Redox hydrogels with adjusted redox potential for improved efficiency in Z-scheme inspired biophotovoltaic cells

Abstract

The improvement of Z-scheme inspired biophotovoltaics is achieved by fine tuning the properties of redox hydrogels applied as immobilization and electron conducting matrices for the photosystem–protein complexes. The formal potentials of the redox hydrogels are adjusted to the respective redox sites in the photosystems for optimized electron transfer without substantial voltage loss. The anode is based on photosystem 2 (PS2) integrated in a phenothiazine modified redox hydrogel with a formal potential of −1 mV vs.

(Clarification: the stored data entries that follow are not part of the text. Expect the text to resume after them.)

Lemma open_inter (A B : X -> Prop) :
  open_set d A -> open_set d B -> open_set d (fun y => A y /\ B y).
Proof.
  intros HA HB x [Ax Bx].
  destruct (HA _ Ax) as (e1 & He1 & H1). destruct (HB _ Bx) as (e2 & He2 & H2).
  exists (Rmin e1 e2). split; [apply Rmin_glb_lt; auto|].
  intros y Hy. pose proof (Rmin_l e1 e2). pose proof (Rmin_r e1 e2).
  split; [apply H1 | apply H2]; lra.
Qed.

Lemma open_finite_inter (U : nat -> X -> Prop) r :
  (forall i, (i < r)%nat -> open_set d (U i)) ->
  open_set d (fun y => forall i, (i < r)%nat -> U i y).
Proof.
  induction r as [|r IH]; intros HU.
  - intros x _. exists 1. split; [lra|]. intros y _ i Hi. lia.
  - assert (Ho : open_set d (fun y => (forall i, (i < r)%nat -> U i y) /\ U r y)).
    { apply open_inter; auto. }
    intros x Hx. destruct (Ho x) as (e & He & Hy); [split; auto|].
    exists e. split; [exact He|]. intros y Hdy i Hi. destruct (Hy y Hdy) as [Hlt Hr].
    destruct (Nat.eq_dec i r) as [->|Hne]; [exact Hr | apply Hlt; lia].
Qed.

Lemma open_union (U : nat -> X -> Prop) :
  (forall k, open_set d (U k)) -> open_set d (fun y => exists k, U k y).
Proof.
  intros HU x [k Hk]. destruct (HU k x Hk) as (e & He & H).
  exists e. split; [exact He|]. intros y Hy. exists k. auto.
Qed.

Lemma open_preimage (U : X -> Prop) g :
  open_set d U -> continuous_map d g -> open_set d (fun y => U (g y)).
Proof.
  intros HU Hg x Hx. destruct (HU _ Hx) as (e & He & H).
  destruct (Hg x e He) as (e2 & He2 & H2). exists e2. split; auto.
Qed.

End MetricSpace.

Lemma finite_min_pos (g : nat -> R) n :
  (forall i, (i <= n)%nat -> 0 < g i) ->
  exists e, 0 < e /\ forall i, (i <= n)%nat -> e <= g i.
Proof.
  induction n as [|n IH]; intros Hg.
  - exists (g 0%nat). split; [apply Hg; lia|].
    intros i Hi. replace i with 0%nat by lia. lra.
  - destruct IH as (e & He & Hle); [intros i Hi; apply Hg; lia|].
    exists (Rmin e (g (S n))). split; [apply Rmin_glb_lt; auto; apply Hg; lia|].
    intros i Hi. destruct (Nat.eq_dec i (S n)) as [->|Hne]; [apply Rmin_r|].
    pose proof (Rmin_l e (g (S n))). pose proof (Hle i ltac:(lia)). lra.
Qed.

Lemma finite_max (p : nat -> nat) n :
  exists M, forall i, (i <= n)%nat -> (p i <= M)%nat.
Proof.
  induction n as [|n [M HM]].
  - exists (p 0%nat). intros i Hi. replace i with 0%nat by lia. lia.
  - exists (Nat.max M (p (S n))). intros i Hi.
    destruct (Nat.eq_dec i (S n)) as [->|Hne]; [lia|].
    specialize (HM i ltac:(lia)). lia.
Qed.

Section Baire.
Variables (X : Type) (d : X -> X -> R) (x0 : X).
Hypothesis Hd : is_metric d.
Hypothesis Hc : compact_metric d.

(** Cantor's intersection theorem for a decreasing sequence of closed balls:
    the complements of the balls are open, so if they covered [X] a finite
    subfamily would, which is impossible since the balls are nested. *)
Lemma nested_closed_balls_meet (c : nat -> X) (r : nat -> R) :
  (forall k, 0 < r k) ->
  (forall k w, d (c (S k)) w <= r (S k) -> d (c k) w <= r k) ->
  exists w, forall k, d (c k) w <= r k.
Proof.
  intros Hpos Hnest1.
  assert (Hnest : forall j k w, (k <= j)%nat -> d (c j) w <= r j -> d (c k) w <= r k).
  { induction j as [|j IH]; intros k w Hkj Hw.
    - replace k with 0%nat by lia. exact Hw.
    - destruct (Nat.eq_dec k (S j)) as [->|Hne]; [exact Hw|].
      apply IH; [lia | apply Hnest1; exact Hw]. }
  apply NNPP. intro Hempty.
  assert (Hcover : forall w, exists k, r k < d (c k) w).
  { intro w. apply NNPP. intro Hw. apply Hempty. exists w. intro k.
    apply Rnot_lt_le. intro Hk. apply Hw. exists k. exact Hk. }
  assert (Hopen : forall k, open_set d (fun w => r k < d (c k) w)).
  { intros k w Hw. exists (d (c k) w - r k). split; [lra|]. intros y Hy.
    pose proof (dist_triangle X d Hd (c k) y w). rewrite (dist_sym X d Hd y w) in *. lra. }
  destruct (Hc nat _ Hopen Hcover) as [l Hl].
  set (M := list_max l).
  destruct (Hl (c M)) as (k & Hk & Hfar).
  assert (HkM : (k <= M)%nat).
  { apply (proj1 (Forall_forall _ l) (proj1 (list_max_le l M) (le_n _)) k Hk). }
  assert (Hcentre : d (c M) (c M) <= r M) by (rewrite dist_self; [left; apply Hpos | exact Hd]).
  pose proof (Hnest M k (c M) HkM Hcentre). lra.
Qed.

Lemma closed_ball_in_dense_open (V : X -> Prop) c r :
  open_set d V -> dense_set d V -> 0 < r ->
  exists c' r', 0 < r' /\ forall w, d c' w <= r' -> d c w < r /\ V w.
Proof.
  intros HVo HVd Hr.
  assert (Hne : exists y, d c y < r) by (exists c; rewrite dist_self; [lra | exact Hd]).
  destruct (HVd _ (open_ball X d Hd c r) Hne) as (y & Hy & HVy).
  destruct (open_inter X d _ _ (open_ball X d Hd c r) HVo y (conj Hy HVy)) as (e & He & H).
  exists y, (e / 2). split; [lra|]. intros w Hw. apply H. lra.
Qed.

Lemma residual_nonempty (A : X -> Prop) : residual_set d A -> exists x, A x.
Proof.
  intros (V & HV & HA).
  assert (Hstep : forall ks : nat * (X * R), exists s' : X * R,
    0 < snd (snd ks) -> 0 < snd s' /\
    forall w, d (fst s') w <= snd s' -> d (fst (snd ks)) w < snd (snd ks) /\ V (fst ks) w).
  { intros [k [c r]]. simpl. destruct (Rlt_dec 0 r) as [Hr|Hr].
    - destruct (closed_ball_in_dense_open (V k) c r (proj1 (HV k)) (proj2 (HV k)) Hr)
        as (c' & r' & H).
      exists (c', r'). intros _. exact H.
    - exists (c, r). intro. contradiction. }
  apply choice in Hstep as [step Hst].
  set (sq := fix sq (k : nat) : X * R :=
         match k with 0 => (x0, 1) | S k => step (k, sq k) end).
  assert (Hpos : forall k, 0 < snd (sq k)).
  { induction k as [|k IH]; simpl; [lra|]. apply (Hst (k, sq k)). exact IH. }
  destruct (nested_closed_balls_meet (fun k => fst (sq k)) (fun k => snd (sq k)) Hpos)
    as [w Hw].
  { intros k w Hw. destruct (Hst (k, sq k) (Hpos k)) as [_ H].
    destruct (H w Hw) as [Hin _]. left. exact Hin. }
  exists w. apply HA. intro k. destruct (Hst (k, sq k) (Hpos k)) as [_ H].
  apply (H w (Hw (S k))).
Qed.

End Baire.

(** Coding of finite shift vectors by a single natural number: [s] is read
    as a stream of Cantor-paired entries. *)
Definition decode_tuple (s j : nat) : nat :=
  fst (of_nat (Nat.iter j (fun c => snd (of_nat c)) s)).

Lemma decode_tuple_surj r (n : nat -> nat) :
  exists s, forall j, (j < r)%nat -> decode_tuple s j = n j.
Proof.
  revert n. induction r as [|r IH]; intros n.
  - exists 0%nat. intros j Hj. lia.
  - destruct (IH (fun j => n (S j))) as [s' Hs'].
    exists (to_nat (n 0%nat, s')). intros [|j] Hj; unfold decode_tuple.
    + change (fst (of_nat (to_nat (n 0%nat, s'))) = n 0%nat).
      rewrite cancel_of_to. reflexivity.
    + rewrite Nat.iter_succ_r, cancel_of_to. apply Hs'. lia.
Qed.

SHE, which is 59 mV more positive than the Q_B acceptor site in PS2. The cathode is based on photosystem 1 (PS1) contacted via an Os-complex based redox hydrogel with a formal potential of 395 mV vs. SHE, i.e. 28 mV more negative than the primary P₇₀₀ electron acceptor of PS1. The potential difference between the two redox hydrogels is 396 mV. An open circuit voltage (V_OC) of 372.5 ± 2.1 mV could be achieved for the biophotovoltaic cell. The maximum power output is 1.91 ± 0.56 μW cm⁻² and the conversion efficiency (η) is 4.5 × 10⁻⁵, representing a 125-fold improvement in comparison to the previously proposed device exploiting the photosynthetic Z-scheme for electrical energy production.